Вот так. Ни больше, ни меньше. Суть ясна, не придраться, но вопросы надо задавать посложнее. Хотя все равно резко отпускает. Спазм, похожий на тот, что сдавливал грудь, когда я сильно пугалась, уходит. От одного слова из четырех букв.

Жаров еще толком ничего не сказал, а я уже верю. Безнадега, да?

Силюсь продолжить, пробую подступиться с разных сторон, но будто ком в горле стоит. Вместе с выдохом, что не укрывается от Ярика, сажусь на таком расстоянии, чтобы загребущие руки не дотянулись до меня.

– Как… Как ты… – пытаюсь склеить из нелепых, разрозненных слов предложение. – Как ты справился там? – вымучиваю наконец.

– Справился.
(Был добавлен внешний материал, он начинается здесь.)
(* Fix $x_0\in\mathbb{R}^{n_x}$. There exist a finite positive constant $\alpha_1(x_0)$ and, for each $i\in\{2,\dots,T\}$, a finite set $\mathcal{K}_i$ of sequences of non-negative integers of length $i-1$ and finite positive constants $\alpha_i^{(j_1,\dots,j_{i-1})}(x_0)$ (depending on $x_0$ and $(j_1,\dots,j_{i-1})$ but not on the observations or the control) such that for every control $u\in U$ and every sequence of observations $(y_1,\dots,y_T)$, the solution of the hybrid system starting at $x_0$ satisfies $\|x_1(t)\|_2\le\alpha_1(x_0)$ for all $t\in[0,1]$, and for all $i\in\{2,\dots,T\}$ and $t\in[i-1,i]$, $$\|x_i(t)\|_2\le\sum_{(j_1,\dots,j_{i-1})\in\mathcal{K}_i}\alpha_i^{(j_1,\dots,j_{i-1})}(x_0)\prod_{m=1}^{i-1}\|y_m\|_2^{j_m}.$$
   Context: Fix positive integers $T,m,n_x,n_y$ and $\rho_{\max}\in(0,\infty)$; $B(0,\rho_{\max})$ is the closed Euclidean ball of radius $\rho_{\max}$ in $\mathbb{R}^m$; $U$ is the set of piecewise continuous $u:[0,T]\to\mathbb{R}^m$ with $\|u(t)\|_2\le\rho_{\max}$ for all $t$. $f:\mathbb{R}^{n_x}\times\mathbb{R}^m\to\mathbb{R}^{n_x}$ is continuously differentiable and there is $K_1\in[1,\infty)$ with $\|f(x',u')-f(x'',u'')\|_2\le K_1(\|x'-x''\|_2+\|u'-u''\|_2)$ for all $x',x''\in\mathbb{R}^{n_x}$, $u',u''\in B(0,\rho_{\max})$. $g:\mathbb{R}^{n_x}\times\mathbb{R}^{n_y}\to\mathbb{R}^{n_x}$ is continuous and differentiable in its first argument, and there are $K_2,\dots,K_5\ge0$ and positive integers $L_1,L_2$ such that for all $x,y$ both $\|g(x,y)\|_2$ and $\|\frac{\partial}{\partial x}g(x,y)\|_2$ are at most $K_2+K_3\|x\|_2^{L_1}+K_4\|y\|_2^{L_2}+K_5\|x\|_2^{L_1}\|y\|_2^{L_2}$. The hybrid system: $x_1$ on $[0,1]$ solves $\dot x_1=f(x_1,u)$, $x_1(0)=x_0$; for $i=2,\dots,T$, $x_i$ on $[i-1,i]$ solves $\dot x_i(t)=f(x_i(t),u(t))$ with $x_i(i-1)=g(x_{i-1}(i-1),y_{i-1})$; $x(t)=x_i(t)$ for $t\in[i-1,i)$, and $x(T)=g(x_T(T),y_T)$. *)

From HB Require Import structures.
From mathcomp Require Import all_boot all_order all_algebra.
From mathcomp Require Import all_classical all_reals all_analysis.
Set Implicit Arguments. Unset Strict Implicit. Unset Printing Implicit Defensive.
Import Order.TTheory GRing.Theory Num.Theory.
Import numFieldNormedType.Exports.
Local Open Scope classical_set_scope.
Local Open Scope ring_scope.

Definition norm2 {R : realType} {n : nat} (v : 'rV[R]_n) : R :=
  Num.sqrt (\sum_(i < n) (v ord0 i) ^+ 2).

Definition piecewise_continuous {R : realType} {m : nat} (T : R)
    (u : R -> 'rV[R]_m) : Prop :=
  exists s : seq R,
    (forall t, 0 <= t <= T -> t \notin s ->
       {for t, {within `[0, T], continuous u}}) /\
    (forall t, t \in s -> 0 <= t <= T ->
       (t < T -> exists l : 'rV[R]_m, u x @[x --> t^'+] --> l) /\
       (0 < t -> exists l : 'rV[R]_m, u x @[x --> t^'-] --> l)).

Definition admissible {R : realType} {m : nat} (T rho : R)
    (u : R -> 'rV[R]_m) : Prop :=
  piecewise_continuous T u /\ (forall t, 0 <= t <= T -> norm2 (u t) <= rho).

(* x solves  x'(t) = f(x(t), u(t))  on [a,b] (classical solution for a
   piecewise continuous control): x continuous on [a,b] and differentiable
   with derivative f(x t, u t) at every t in (a,b) outside a finite set. *)
Definition solves_on {R : realType} {nx m : nat}
    (f : 'rV[R]_nx -> 'rV[R]_m -> 'rV[R]_nx) (u : R -> 'rV[R]_m)
    (a b : R) (x : R -> 'rV[R]_nx) : Prop :=
  {within `[a, b], continuous x} /\
  exists s : seq R, forall t, a < t < b -> t \notin s ->
    is_derive t 1 x (f (x t) (u t)).

(* The hybrid system: xs i is the piece x_i on [i-1, i], i = 1..T. *)
Definition hybrid_solution {R : realType} {nx m ny : nat} (T : nat)
    (f : 'rV[R]_nx -> 'rV[R]_m -> 'rV[R]_nx)
    (g : 'rV[R]_nx -> 'rV[R]_ny -> 'rV[R]_nx)
    (x0 : 'rV[R]_nx) (u : R -> 'rV[R]_m) (y : nat -> 'rV[R]_ny)
    (xs : nat -> R -> 'rV[R]_nx) : Prop :=
  xs 1%N 0 = x0 /\ solves_on f u 0 1 (xs 1%N) /\
  forall i : nat, (2 <= i <= T)%N ->
    xs i (i.-1)%:R = g (xs i.-1 (i.-1)%:R) (y i.-1) /\
    solves_on f u (i.-1)%:R i%:R (xs i).

(* On a unit interval the flow can only amplify the state affinely: the
   Lipschitz bound on f and the bounded control give |f(x,u)|^2 <= A + B |x|^2,
   so Gronwall's inequality for |x|^2 yields |x_i(t)| <= M |x_i(i-1)| + D.  The
   reset map g then bounds the next initial state polynomially in |x_{i-1}(i-1)|
   and |y_{i-1}|.  By induction |x_{j+1}(t)| <= c_j W_j^{d_j}, where
   W_j = max(1, |y_1|, ..., |y_j|) and d_{j+1} = d_j L1 + L2, and finally
   W_j^d <= 1 + sum_k |y_k|^d, a sum over the multi-indices 0 and d e_k. *)

From HB Require Import structures.
From mathcomp Require Import all_boot all_order all_algebra.
From mathcomp Require Import all_classical all_reals all_analysis.
From mathcomp Require Import ring lra zify.
Import Order.TTheory GRing.Theory Num.Theory.
Import numFieldNormedType.Exports.
Local Open Scope classical_set_scope.
Local Open Scope ring_scope.

Section EuclideanNorm.
Context {R : realType} {n : nat}.
Implicit Types a b : 'rV[R]_n.

Lemma norm2_ge0 a : 0 <= norm2 a.
Proof. exact: sqrtr_ge0. Qed.

Lemma sqr_norm2 a : norm2 a ^+ 2 = \sum_(i < n) a ord0 i ^+ 2.
Proof. by rewrite sqr_sqrtr // sumr_ge0 // => i _; rewrite sqr_ge0. Qed.

Lemma norm2_0 : norm2 (0 : 'rV[R]_n) = 0.
Proof. by rewrite /norm2 big1 ?sqrtr0 // => i _; rewrite mxE expr0n. Qed.

Lemma sqr_norm2D_le a b :
  norm2 (a + b) ^+ 2 <= 2 * norm2 a ^+ 2 + 2 * norm2 b ^+ 2.
Proof.
rewrite !sqr_norm2 !mulr_sumr -big_split /=; apply: ler_sum => i _.
by rewrite mxE; have := sqr_ge0 (a ord0 i - b ord0 i); nra.
Qed.

Lemma continuous_sqr_norm2 (A : set R) (x : R -> 'rV[R]_n) :
  {within A, continuous x} -> {within A, continuous (fun s => norm2 (x s) ^+ 2)}.
Proof.
move=> cx; rewrite (_ : (fun s => _) = \sum_(i < n) (fun s => x s ord0 i ^+ 2)).
  apply: (big_ind (fun h => {within A, continuous h})) => [s|h1 h2 c1 c2 s|i _ s].
  - exact: cst_continuous.
  - exact: (@continuousD R R^o (subspace A) h1 h2 s (c1 s) (c2 s)).
  - have xi : {for s, continuous ((fun r : subspace A => x r ord0 i))}.
      exact: continuous_comp (cx s) (@coord_continuous R 1 n ord0 i (x s)).
    exact: (@continuousM R (subspace A) _ _ s xi xi).
by apply/funext => s; rewrite sqr_norm2 fct_sumE.
Qed.

Lemma is_derive_sqr_norm2 (x : R -> 'rV[R]_n) (t : R) (D : 'rV[R]_n) :
  is_derive t 1 x D ->
  is_derive t 1 (fun s => norm2 (x s) ^+ 2) (2 * \sum_(i < n) x t ord0 i * D ord0 i).
Proof.
move=> [dx xD]; have dxi i : is_derive t 1 (fun s => x s ord0 i) (D ord0 i).
  apply: DeriveDef; first exact: (derivable_mxP _ _ _).1 dx ord0 i.
  by rewrite -xD (derive_mx dx) mxE.
have dxi2 i : is_derive t 1 (fun s => x s ord0 i ^+ 2) (2 * (x t ord0 i * D ord0 i)).
  have [d2 e2] := is_deriveX 2 (dxi i).
  by apply: DeriveDef; [exact: d2 | rewrite e2 /= expr1 mulrA].
rewrite (_ : (fun s => _) = fun s => \sum_(i < n) x s ord0 i ^+ 2); last first.
  by apply/funext => s; rewrite sqr_norm2.
have := is_derive_sum dxi2; rewrite fct_sumE -mulr_sumr => -[dsum esum].
exact: DeriveDef.
Qed.

Lemma double_dot_le_sqr_norm2 a b :
  2 * \sum_(i < n) a ord0 i * b ord0 i <= norm2 a ^+ 2 + norm2 b ^+ 2.
Proof.
rewrite !sqr_norm2 mulr_sumr -big_split /=; apply: ler_sum => i _.
by have := sqr_ge0 (a ord0 i - b ord0 i); nra.
Qed.

End EuclideanNorm.

Section ScalarGronwall.
Context {R : realType}.

Lemma derive_le0_le_fin (f df : R -> R) (s : seq R) (a b : R) : a <= b ->
  {within `[a, b], continuous f} ->
  (forall t, a < t < b -> t \notin s -> is_derive t 1 f (df t) /\ df t <= 0) ->
  f b <= f a.
Proof.
elim: s a b => [|p s IH] a b ab cf df_le0.
  case: ltgtP ab => // [altb|->] _; last exact: lexx.
  have in_ab r : r \in `]a, b[ -> a < r < b by rewrite in_itv.
  have [c /in_ab cab fba] := MVT altb (fun r rab => (df_le0 r (in_ab r rab) isT).1) cf.
  rewrite -subr_le0 fba mulr_le0_ge0 ?(df_le0 c cab isT).2 //.
  by rewrite subr_ge0 ltW.
have df_le0' r : a < r < b -> r != p -> r \notin s -> is_derive r 1 f (df r) /\ df r <= 0.
  by move=> rab rp rs; apply: df_le0; rewrite // in_cons negb_or rp.
have [/andP[ap pb]|pab] := boolP (a < p < b); last first.
  apply: IH => // r rab; apply: df_le0' => //.
  by apply: contraNneq pab => <-.
have cf' c d : a <= c -> d <= b -> {within `[c, d], continuous f}.
  by move=> ac db; apply: continuous_subspaceW cf; apply: subset_itv; rewrite bnd_simp.
apply: (@le_trans _ _ (f p)).
  apply: IH (ltW pb) (cf' _ _ (ltW ap) (lexx b)) _ => r /andP[pr rb] rs.
  by apply: df_le0' => //; [rewrite (lt_trans ap pr) | rewrite gt_eqF].
apply: IH (ltW ap) (cf' _ _ (lexx a) (ltW pb)) _ => r /andP[ar rp] rs.
by apply: df_le0' => //; [rewrite ar (lt_trans rp pb) | rewrite lt_eqF].
Qed.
Это действительно именно то, что интересует тебя?

Взгляд с прищуром будит только заснувшие мурашки.

– Да, – говорю честно, потому что, как бы не злилась, чувствую вину.

Ярик пожимает плечами, словно ему все равно, о чем вещать, берет небольшой камушек и швыряет далеко-далеко. Порывисто, выдавая нервозность.

– Страшно было, – признается, ничуть не стесняясь. – Когда выкидывают из теплого, комфортного гнезда, всегда страшно. Мол, грохнулся – ползи. С переломанными ногами, сам и как хочешь. Ну это я, обиженный на весь мир, так считал. Сейчас понимаю, что отец не оставил одного, позаботился обо мне, доверив Кристине, – говорит о крестной, младшей сестре отца. – Общий язык мы нашли легко, но в Беверли-Хиллз, конечно, пришлось начинать с нуля.

Я подгибаю под себя ноги, чтобы принять позу лотоса, а сама всем существом тянусь к Ярику.

– Первый год было особенно тяжело. Я вообще не понимал, за что браться, с чего начать. Руки опускались. А потом благодаря нелепой драке в колледже познакомился с Майклом. – Я вспоминаю вечно мелькающего на его фотографиях чернокожего парня. – Он чуть ли не силой затащил меня и в футбольную команду, и в тусовку свою. Постепенно вроде бы и учеба наладилась. Ну а позже Крис подсуетилась, чтобы на финальном матче сезона меня спонсоры заметили. Так я получил билет со спортивной стипендией в Калифорнийский. И все было прекрасно, пока… – ухмыляется, – окончательно не запуталось.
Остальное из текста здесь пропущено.